Action item => The answer must consist of every line from the data that holds the string "fzero".

- - -

Definition fadd (R : realType) (X : Type) (f g : X -> R[i]) : X -> R[i] :=
  fun x => f x + g x.
Definition fsub (R : realType) (X : Type) (f g : X -> R[i]) : X -> R[i] :=
  fun x => f x - g x.
Definition fmul (R : realType) (X : Type) (f g : X -> R[i]) : X -> R[i] :=
  fun x => f x * g x.
Definition fscale (R : realType) (X : Type) (a : R[i]) (f : X -> R[i]) :
  X -> R[i] := fun x => a * f x.
Definition fzero (R : realType) (X : Type) : X -> R[i] := fun _ => 0.

Record RKHS (R : realType) (X : Type) := {
  hs : (X -> R[i]) -> Prop;
  ip : (X -> R[i]) -> (X -> R[i]) -> R[i];
  kern : X -> (X -> R[i]);
  hs0 : hs (@fzero R X);
  hsD : forall f g, hs f -> hs g -> hs (fadd f g);
  hsZ : forall a f, hs f -> hs (fscale a f);
  ipD : forall f g h, hs f -> hs g -> hs h ->
          ip (fadd f g) h = ip f h + ip g h;
  ipZ : forall a f g, hs f -> hs g -> ip (fscale a f) g = a * ip f g;
  ip_conj : forall f g, hs f -> hs g -> ip g f = (ip f g)^*;
  ip_ge0 : forall f, hs f -> 0 <= ip f f;
  ip_eq0 : forall f, hs f -> ip f f = 0 -> f = @fzero R X;
  hs_complete : forall u : nat -> X -> R[i], (forall n, hs (u n)) ->
    (forall eps : R, 0 < eps -> exists N, forall m n, (N <= m)%N -> (N <= n)%N ->
        sqrtC (ip (fsub (u m) (u n)) (fsub (u m) (u n))) < eps%:C) ->
    exists l, hs l /\
      (forall eps : R, 0 < eps -> exists N, forall n, (N <= n)%N ->
        sqrtC (ip (fsub l (u n)) (fsub l (u n))) < eps%:C);
  kern_hs : forall x, hs (kern x);
  reproducing : forall f x, hs f -> f x = ip f (kern x)
}.

Section Ops.
Variables (R : realType) (X : Type) (H : RKHS R X).

Definition hnorm (f : X -> R[i]) : R[i] := sqrtC (ip H f f).

(* phi belongs to the closed unit ball of the multiplier algebra:
   M_phi maps H into H and ||M_phi|| <= 1. *)
Definition mult_ball (phi : X -> R[i]) : Prop :=
  forall g, hs H g -> hs H (fmul phi g) /\ hnorm (fmul phi g) <= hnorm g.

Definition madj (phi : X -> R[i]) (h : X -> R[i]) : X -> R[i] :=
  epsilon (inhabits (@fzero R X))
    (fun y => hs H y /\ forall g, hs H g -> ip H (fmul phi g) h = ip H g y).

Definition Qop (phi : X -> R[i]) (g : X -> R[i]) : X -> R[i] :=
  fsub g (fmul phi (madj phi g)).

End Ops.

(* With phi i standing for phi_{i+1} (i >= 0):
   Phi phi n = phi_1 * ... * phi_n, Phi phi 0 = 1. *)
Definition Phi (R : realType) (X : Type) (phi : nat -> X -> R[i]) (n : nat) :
  X -> R[i] := fun x => \prod_(i < n) phi i x.

(* Partial sum  sum_{n=1}^{N} Phi_{n-1} * Q_{phi_n} M^*_{Phi_{n-1}} f,
   written with k = n - 1 ranging over 0 <= k < N. *)
Definition psum (R : realType) (X : Type) (H : RKHS R X)
  (phi : nat -> X -> R[i]) (f : X -> R[i]) (N : nat) : X -> R[i] :=
  fun x => \sum_(k < N)
    fmul (Phi phi k) (Qop H (phi k) (madj H (Phi phi k) f)) x.

(* With g_n := M_{Phi_n}^* f the partial sums telescope, f - s_n = Phi_n g_n,
   because Phi_n Q_{phi_(n+1)} g_n = Phi_n g_n - Phi_(n+1) g_(n+1).  The norms
   ||g_n|| decrease and ||Phi_n g_n - Phi_m g_m||^2 <= ||g_n||^2 - ||g_m||^2 for
   n <= m, so (Phi_n g_n) is Cauchy in H; its limit vanishes at every x because
   |Phi_n(x) g_n(x)| <= |Phi_n(x)| ||f|| ||k_x|| -> 0, hence it is 0.
   The adjoints exist by the Riesz representation theorem, proved by minimizing
   the norm on the affine hyperplane {L = 1}. *)

From mathcomp Require Import all_boot all_order all_algebra.
From mathcomp Require Import boolp classical_sets reals complex.
From mathcomp Require Import ring lra.
From Stdlib Require Import ClassicalEpsilon.
Import Order.TTheory GRing.Theory Num.Theory.
Local Open Scope ring_scope.
Local Open Scope complex_scope.
Local Open Scope classical_set_scope.
Set Implicit Arguments. Unset Strict Implicit. Unset Printing Implicit Defensive.

Local Notation re := complex.Re.
Local Notation im := complex.Im.

Lemma nonincreasing_cauchy (R : realType) (a : nat -> R) :
  (forall n, 0 <= a n) -> (forall n m, (n <= m)%N -> a m <= a n) ->
  forall d, 0 < d -> exists N, forall n m, (N <= n <= m)%N -> a n - a m < d.
Proof.
move=> a_ge0 a_nonincr d d_gt0.
pose S : set R := [set t | exists n, t = a n].
have S_lb : has_lbound S by exists 0 => t [n ->].
have S_inf : has_inf S by split => //; exists (a 0%N), 0%N.
have [t [N ->] aN_lt] := inf_adherent d_gt0 S_inf.
exists N => n m /andP[Nn nm].
have inf_le : inf S <= a m by apply: ge_inf => //; exists m.
by have := a_nonincr _ _ Nn; lra.
Qed.

Lemma inv_succ_lt (R : realType) (e : R) :
  0 < e -> exists N, forall n, (N <= n)%N -> n.+1%:R^-1 < e.
Proof.
move=> e_gt0; exists (Num.bound e^-1) => n Nn.
have bound_le : (Num.bound e^-1)%:R <= n.+1%:R :> R by rewrite ler_nat (leq_trans Nn).
have einv_ge0 : 0 <= e^-1 by rewrite invr_ge0 ltW.
have inv_lt := lt_le_trans (archi_boundP einv_ge0) bound_le.
by rewrite -[e]invrK ltf_pV2 ?posrE ?invr_gt0.
Qed.

Section ComplexModulus.
Variable R : realType.
Implicit Types (z w : R[i]).

Definition sqmod z : R := re z ^+ 2 + im z ^+ 2.

Lemma complexP z w : re z = re w -> im z = im w -> z = w.
Proof. by case: z => ? ?; case: w => ? ? /= -> ->. Qed.

Lemma ge0_complex_real z : 0 <= z -> z = (re z)%:C.
Proof. by case: z => a b; rewrite lecE /= => /andP[/eqP -> _]. Qed.

Lemma sqmod_ge0 z : 0 <= sqmod z.
Proof. by rewrite addr_ge0 // sqr_ge0. Qed.

Lemma sqmod_eq0 z : sqmod z = 0 -> z = 0.
Proof.
rewrite /sqmod => z0; have := sqr_ge0 (re z); have := sqr_ge0 (im z).
by move=> ? ?; apply: complexP; apply/eqP; rewrite -sqrf_eq0; apply/eqP; lra.
Qed.

Lemma sqmodM z w : sqmod (z * w) = sqmod z * sqmod w.
Proof. by case: z w => a b [c d]; rewrite /sqmod /=; ring. Qed.

Lemma mulJc z : conjc z * z = (sqmod z)%:C.
Proof. by case: z => a b; apply: complexP; rewrite /sqmod /=; ring. Qed.

Lemma sqmodD_le z w : sqmod (z + w) <= 2 * sqmod z + 2 * sqmod w.
Proof.
case: z w => a b [c d]; rewrite /sqmod /=.
by have := sqr_ge0 (a - c); have := sqr_ge0 (b - d); nra.
Qed.

Lemma sqmod_lt z (e : R) : 0 < e -> `|z| < e%:C -> sqmod z < e ^+ 2.
Proof.
move=> e_gt0; rewrite normc_def ltcR -/(sqmod z) => lt_e.
have := sqr_sqrtr (sqmod_ge0 z); have := sqrtr_ge0 (sqmod z).
by move: lt_e; set s := Num.sqrt _ => ? ? <-; nra.
Qed.
End ComplexModulus.

Section InnerProduct.
Variables (R : realType) (X : Type) (H : RKHS R X).
Local Notation hs := (hs H).
Local Notation ip := (ip H).
Implicit Types (f g h u v w : X -> R[i]).

Lemma fsubE f g : fsub f g = fadd f (fscale (-1) g).
Proof. by apply: funext => x; rewrite /fsub /fadd /fscale mulN1r. Qed.

Lemma hsB f g : hs f -> hs g -> hs (fsub f g).
Proof. by move=> hf hg; rewrite fsubE; apply: hsD => //; apply: hsZ. Qed.

Lemma ipDr f g h : hs f -> hs g -> hs h -> ip f (fadd g h) = ip f g + ip f h.
Proof.
move=> hf hg hh; rewrite (ip_conj (hsD hg hh) hf) ipD //.
by rewrite rmorphD (ip_conj hg hf) (ip_conj hh hf).
Qed.

Lemma ipZr a f g : hs f -> hs g -> ip f (fscale a g) = conjc a * ip f g.
Proof. by move=> hf hg; rewrite (ip_conj (hsZ a hg) hf) ipZ // rmorphM (ip_conj hg hf). Qed.

Lemma ipBl f g h : hs f -> hs g -> hs h -> ip (fsub f g) h = ip f h - ip g h.
Proof. by move=> hf hg hh; rewrite fsubE ipD ?ipZ ?mulN1r //; apply: hsZ. Qed.

Lemma ipBr f g h : hs f -> hs g -> hs h -> ip f (fsub g h) = ip f g - ip f h.
Proof. by move=> hf hg hh; rewrite fsubE ipDr ?ipZr ?rmorphN1 ?mulN1r //; apply: hsZ. Qed.

Lemma ip0l g : hs g -> ip (@fzero R X) g = 0.
Proof.
move=> hg; have -> : @fzero R X = fsub (@fzero R X) (@fzero R X).
  by apply: funext => x; rewrite /fsub subrr.
by rewrite ipBl ?subrr //; apply: hs0.
Qed.

Lemma ip0r g : hs g -> ip g (@fzero R X) = 0.
Proof. by move=> hg; rewrite ip_conj ?ip0l ?conjc0 //; apply: hs0. Qed.

Definition sqnorm u : R := re (ip u u).

Lemma ip_sqnorm u : hs u -> ip u u = (sqnorm u)%:C.
Proof. by move=> hu; apply/ge0_complex_real/ip_ge0. Qed.

Lemma sqnorm_ge0 u : hs u -> 0 <= sqnorm u.
Proof. by move=> hu; rewrite -lecR -ip_sqnorm //; apply: ip_ge0. Qed.

Lemma sqnorm_eq0 u : hs u -> sqnorm u = 0 -> u = @fzero R X.
Proof. by move=> hu u0; apply: (ip_eq0 hu); rewrite ip_sqnorm // u0. Qed.

Lemma re_ipC u v : hs u -> hs v -> re (ip v u) = re (ip u v).
Proof. by move=> hu hv; rewrite (ip_conj hu hv); case: (ip u v). Qed.

Lemma re_ipZr a u v : hs u -> hs v ->
  re (ip u (fscale a v)) = re a * re (ip u v) + im a * im (ip u v).
Proof. by move=> hu hv; rewrite ipZr //; case: a => ? ?; case: (ip u v) => ? ? /=; ring. Qed.

Lemma sqnormD u v : hs u -> hs v ->
  sqnorm (fadd u v) = sqnorm u + sqnorm v + 2 * re (ip u v).
Proof.
move=> hu hv; rewrite /sqnorm ipD ?ipDr //; try by apply: hsD.
by rewrite !raddfD /= re_ipC //; ring.
Qed.

Lemma sqnormB u v : hs u -> hs v ->
  sqnorm (fsub u v) = sqnorm u + sqnorm v - 2 * re (ip u v).
Proof.
move=> hu hv; rewrite /sqnorm ipBl ?ipBr //; try by apply: hsB.
by rewrite !raddfB /= re_ipC //; ring.
Qed.

Lemma sqnormZ a u : hs u -> sqnorm (fscale a u) = sqmod a * sqnorm u.
Proof.
move=> hu; rewrite /sqnorm ipZ ?ipZr //; last exact: hsZ.
by rewrite mulrA [a * _]mulrC mulJc ip_sqnorm // -rmorphM.
Qed.

Lemma sqnormBC u v : hs u -> hs v -> sqnorm (fsub u v) = sqnorm (fsub v u).
Proof. by move=> hu hv; rewrite !sqnormB // re_ipC //; ring. Qed.

Lemma parallelogram u v : hs u -> hs v ->
  sqnorm (fsub u v) + sqnorm (fadd u v) = 2 * sqnorm u + 2 * sqnorm v.
Proof. by move=> hu hv; rewrite sqnormB // sqnormD //; ring. Qed.

Lemma re_ip_sqr_le u v : hs u -> hs v -> re (ip u v) ^+ 2 <= sqnorm u * sqnorm v.
Proof.
move=> hu hv; have [v0|v_neq0] := eqVneq (sqnorm v) 0.
  by rewrite v0 (sqnorm_eq0 hv v0) ip0r // expr0n mulr0.
have v_gt0 : 0 < sqnorm v by rewrite lt0r v_neq0 sqnorm_ge0.
set r := re (ip u v); set t := r / sqnorm v.
(* expand [0 <= ||u - t v||^2] with [t = Re <u, v> / ||v||^2] *)
have := sqnorm_ge0 (hsB hu (hsZ t%:C hv)).
rewrite sqnormB ?sqnormZ ?re_ipZr //; last exact: hsZ.
rewrite /sqmod /= -/r expr0n /= addr0 mul0r addr0 => h.
have tv : t * sqnorm v = r by rewrite divfK.
have : 0 <= (sqnorm u + t ^+ 2 * sqnorm v - 2 * (t * r)) * sqnorm v.
  by rewrite mulr_ge0 // ltW.
suff -> : (sqnorm u + t ^+ 2 * sqnorm v - 2 * (t * r)) * sqnorm v
        = sqnorm u * sqnorm v - r ^+ 2 by rewrite subr_ge0.
by rewrite -tv; ring.
Qed.

Lemma cauchy_schwarz u v : hs u -> hs v -> sqmod (ip u v) <= sqnorm u * sqnorm v.
Proof.
move=> hu hv; set z := ip u v.
have := re_ip_sqr_le hu (hsZ z hv); rewrite sqnormZ // ipZr // mulJc /=.
have := sqnorm_ge0 hu; have := sqnorm_ge0 hv.
have [->|z_neq0] := eqVneq (sqmod z) 0; first by move=> ? ? _; rewrite mulr_ge0.
have z_gt0 : 0 < sqmod z by rewrite lt0r z_neq0 sqmod_ge0.
by move=> ? ? h; nra.
Qed.

Lemma sqmod_eval_le u x : hs u -> sqmod (u x) <= sqnorm u * sqnorm (kern H x).
Proof. by move=> hu; rewrite (reproducing x hu); apply: cauchy_schwarz => //; apply: kern_hs. Qed.
(* Let $w\in S_n$ and $1\le p<q\le n$, and let $\mathcal{S}_{w,pq}=K_{pq}.F_w\subset Fl_n(\mathbb{H})$, where $F_w=(\mathbb{H}e_{w(1)},\ldots,\mathbb{H}e_{w(n)})$. The group $G=(\mathbb{H}^* )^n=\{\mathrm{Diag}(\gamma_1,\ldots,\gamma_n):\gamma_\nu\in\mathbb{H}\setminus\{0\}\}$ acts transitively on the complement in $\mathcal{S}_{w,pq}$ of its two $K$-fixed points $F_w$ and $F_{s_{pq}w}$, and there is a point of this complement whose stabilizer in $G$ is $G_{pq}=\{(\gamma_1,\ldots,\gamma_n)\in G:\gamma_p=\gamma_q\}$.
   Context: $\mathbb{H}^n$ is a left $\mathbb{H}$-module with standard basis $e_1,\ldots,e_n$ and inner product $(h,k)=\sum_\nu h_\nu\bar k_\nu$; an invertible matrix $B$ acts $\mathbb{H}$-linearly by $h\mapsto h\cdot B^*$, hence acts on $Fl_n(\mathbb{H})$, the manifold of complete flags $V_1\subset\cdots\subset V_n$ of left $\mathbb{H}$-submodules with $\dim V_\nu=\nu$ (a flag given by mutually orthogonal lines $(L_1,\ldots,L_n)$ corresponds to $V_\nu=L_1\oplus\cdots\oplus L_\nu$). $K=Sp(1)^n$ is the diagonal subgroup of $Sp(n)=\{B:BB^*=I\}$; $K_{pq}\subset Sp(n)$ is the subgroup of matrices whose entries vanish except on the diagonal and at positions $(p,q)$, $(q,p)$. $s_{pq}$ is the transposition of $p,q$. *)

From HB Require Import structures.
From mathcomp Require Import all_boot all_order all_algebra all_fingroup.
From mathcomp Require Import reals.
Set Implicit Arguments. Unset Strict Implicit. Unset Printing Implicit Defensive.
Import Order.TTheory GRing.Theory Num.Theory.
Local Open Scope ring_scope.

Section Quat.
Variable R : realType.

Record quat := Quat { qa : R; qb : R; qc : R; qd : R }.

Definition qzero : quat := Quat 0 0 0 0.
Definition qone : quat := Quat 1 0 0 0.
Definition qadd (x y : quat) : quat :=
  Quat (qa x + qa y) (qb x + qb y) (qc x + qc y) (qd x + qd y).
(* Hamilton product: i^2 = j^2 = k^2 = ijk = -1 *)
Definition qmul (x y : quat) : quat :=
  Quat (qa x * qa y - qb x * qb y - qc x * qc y - qd x * qd y)
       (qa x * qb y + qb x * qa y + qc x * qd y - qd x * qc y)
       (qa x * qc y - qb x * qd y + qc x * qa y + qd x * qb y)
       (qa x * qd y + qb x * qc y - qc x * qb y + qd x * qa y).
Definition qconj (x : quat) : quat := Quat (qa x) (- qb x) (- qc x) (- qd x).
Definition qsum (I : finType) (f : I -> quat) : quat :=
  Quat (\sum_i qa (f i)) (\sum_i qb (f i)) (\sum_i qc (f i)) (\sum_i qd (f i)).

- - -

Output of the exercise =>
Definition fzero (R : realType) (X : Type) : X -> R[i] := fun _ => 0.
  hs0 : hs (@fzero R X);
  ip_eq0 : forall f, hs f -> ip f f = 0 -> f = @fzero R X;
  epsilon (inhabits (@fzero R X))
Lemma ip0l g : hs g -> ip (@fzero R X) g = 0.
move=> hg; have -> : @fzero R X = fsub (@fzero R X) (@fzero R X).
Lemma ip0r g : hs g -> ip g (@fzero R X) = 0.
Lemma sqnorm_eq0 u : hs u -> sqnorm u = 0 -> u = @fzero R X.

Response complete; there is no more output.